--- Aim of the exercise ---
Nothing may be dropped or altered: reproduce all the data.

Items from a dataset:
(* Fix $g\ge1$ and $0\le g'<g$, $g''=g-g'$. Equip $\mathbb{P}_{g'}\backslash\mathfrak{S}_g$ with the Weil–Petersson metric $g_{WP}$ and $A_{g'}\times\mathcal{T}^{>0}_{g''}$ with the product metric $g'_{WP}+g''_{trWP}$. Then the projection $\pi_{g'}:\mathbb{P}_{g'}\backslash\mathfrak{S}_g\to A_{g'}\times\mathcal{T}^{>0}_{g''}$ is a Riemannian submersion; in particular it is $1$-Lipschitz.
   Context: $\mathfrak{S}_g=\{\tau\in\mathrm{Sym}(g,\mathbb{C}):\operatorname{Im}\tau>0\}$, $\tau=X+iY$, with $\mathrm{Sp}(2g,\mathbb{R})$ acting by $\begin{pmatrix}A&B\\C&D\end{pmatrix}\cdot\tau=(A\tau+B)(C\tau+D)^{-1}$; $\Gamma=\mathrm{Sp}(2g,\mathbb{Z})/\{\pm1\}$. The Weil–Petersson metric $g_{WP}$ is the invariant metric with $\|V\|_\tau^2=\frac12\big(\operatorname{tr}(Y^{-1}V_XY^{-1}V_X)+\operatorname{tr}(Y^{-1}V_YY^{-1}V_Y)\big)$ for $V=V_X+iV_Y\in\mathrm{Sym}(g,\mathbb{C})\cong T_\tau\mathfrak{S}_g$ (Kähler form $\frac{i}{4}\operatorname{tr}(Y^{-1}d\tau Y^{-1}d\bar\tau)$); $g'_{WP}$ is the same metric on $\mathfrak{S}_{g'}$ and on $A_{g'}=\mathrm{Sp}(2g',\mathbb{Z})\backslash\mathfrak{S}_{g'}$. Block decomposition $\tau=\begin{pmatrix}\tau'&\tau'''\\{}^t\tau'''&\tau''\end{pmatrix}$ with $\tau'$ of size $g'\times g'$, similarly for $X,Y$. $P_{g'}\subset\mathrm{Sp}(2g,\mathbb{R})$ is the parabolic subgroup of matrices $\begin{pmatrix}A'&0&B'&*\\ *&u&*&*\\ C'&0&D'&*\\0&0&0&(u^t)^{-1}\end{pmatrix}$ with $\begin{pmatrix}A'&B'\\C'&D'\end{pmatrix}\in\mathrm{Sp}(2g',\mathbb{R})$, $u\in\mathrm{GL}(g'',\mathbb{R})$ (the normalizer of the flag $\langle e_{g'+1},\dots,e_g\rangle\subset\langle e_{g'+1},\dots,e_g\rangle^\perp$), and $\mathbb{P}_{g'}=\Gamma\cap P_{g'}$. The map $\pi_{g'}(\tau)=(\tau',\,Y''-{}^tY'''(Y')^{-1}Y''')$ from $\mathfrak{S}_g$ to $\mathfrak{S}_{g'}\times\mathrm{Sym}^+(g'',\mathbb{R})$ induces the projection $\mathbb{P}_{g'}\backslash\mathfrak{S}_g\to A_{g'}\times\mathcal{T}^{>0}_{g''}$, where $\mathcal{T}^{>0}_{g''}=\mathrm{GL}(g'',\mathbb{Z})\backslash\mathrm{Sym}^+(g'',\mathbb{R})$ (action $t\mapsto ata^t$) with metric $g''_{trWP}=\frac12\operatorname{tr}(t^{-1}dt\,t^{-1}dt)$. *)

From HB Require Import structures.
From mathcomp Require Import all_boot all_order all_algebra.
From mathcomp Require Import all_classical all_reals all_analysis.
Set Implicit Arguments. Unset Strict Implicit. Unset Printing Implicit Defensive.
Import Order.TTheory GRing.Theory Num.Theory.
Import numFieldNormedType.Exports.
Local Open Scope ring_scope.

--- Response to this exercise ---
(* Fix $g\ge1$ and $0\le g'<g$, $g''=g-g'$. Equip $\mathbb{P}_{g'}\backslash\mathfrak{S}_g$ with the Weil–Petersson metric $g_{WP}$ and $A_{g'}\times\mathcal{T}^{>0}_{g''}$ with the product metric $g'_{WP}+g''_{trWP}$. Then the projection $\pi_{g'}:\mathbb{P}_{g'}\backslash\mathfrak{S}_g\to A_{g'}\times\mathcal{T}^{>0}_{g''}$ is a Riemannian submersion; in particular it is $1$-Lipschitz.
   Context: $\mathfrak{S}_g=\{\tau\in\mathrm{Sym}(g,\mathbb{C}):\operatorname{Im}\tau>0\}$, $\tau=X+iY$, with $\mathrm{Sp}(2g,\mathbb{R})$ acting by $\begin{pmatrix}A&B\\C&D\end{pmatrix}\cdot\tau=(A\tau+B)(C\tau+D)^{-1}$; $\Gamma=\mathrm{Sp}(2g,\mathbb{Z})/\{\pm1\}$. The Weil–Petersson metric $g_{WP}$ is the invariant metric with $\|V\|_\tau^2=\frac12\big(\operatorname{tr}(Y^{-1}V_XY^{-1}V_X)+\operatorname{tr}(Y^{-1}V_YY^{-1}V_Y)\big)$ for $V=V_X+iV_Y\in\mathrm{Sym}(g,\mathbb{C})\cong T_\tau\mathfrak{S}_g$ (Kähler form $\frac{i}{4}\operatorname{tr}(Y^{-1}d\tau Y^{-1}d\bar\tau)$); $g'_{WP}$ is the same metric on $\mathfrak{S}_{g'}$ and on $A_{g'}=\mathrm{Sp}(2g',\mathbb{Z})\backslash\mathfrak{S}_{g'}$. Block decomposition $\tau=\begin{pmatrix}\tau'&\tau'''\\{}^t\tau'''&\tau''\end{pmatrix}$ with $\tau'$ of size $g'\times g'$, similarly for $X,Y$. $P_{g'}\subset\mathrm{Sp}(2g,\mathbb{R})$ is the parabolic subgroup of matrices $\begin{pmatrix}A'&0&B'&*\\ *&u&*&*\\ C'&0&D'&*\\0&0&0&(u^t)^{-1}\end{pmatrix}$ with $\begin{pmatrix}A'&B'\\C'&D'\end{pmatrix}\in\mathrm{Sp}(2g',\mathbb{R})$, $u\in\mathrm{GL}(g'',\mathbb{R})$ (the normalizer of the flag $\langle e_{g'+1},\dots,e_g\rangle\subset\langle e_{g'+1},\dots,e_g\rangle^\perp$), and $\mathbb{P}_{g'}=\Gamma\cap P_{g'}$. The map $\pi_{g'}(\tau)=(\tau',\,Y''-{}^tY'''(Y')^{-1}Y''')$ from $\mathfrak{S}_g$ to $\mathfrak{S}_{g'}\times\mathrm{Sym}^+(g'',\mathbb{R})$ induces the projection $\mathbb{P}_{g'}\backslash\mathfrak{S}_g\to A_{g'}\times\mathcal{T}^{>0}_{g''}$, where $\mathcal{T}^{>0}_{g''}=\mathrm{GL}(g'',\mathbb{Z})\backslash\mathrm{Sym}^+(g'',\mathbb{R})$ (action $t\mapsto ata^t$) with metric $g''_{trWP}=\frac12\operatorname{tr}(t^{-1}dt\,t^{-1}dt)$. *)

From HB Require Import structures.
From mathcomp Require Import all_boot all_order all_algebra.
From mathcomp Require Import all_classical all_reals all_analysis.
Set Implicit Arguments. Unset Strict Implicit. Unset Printing Implicit Defensive.
Import Order.TTheory GRing.Theory Num.Theory.
Import numFieldNormedType.Exports.
Local Open Scope ring_scope.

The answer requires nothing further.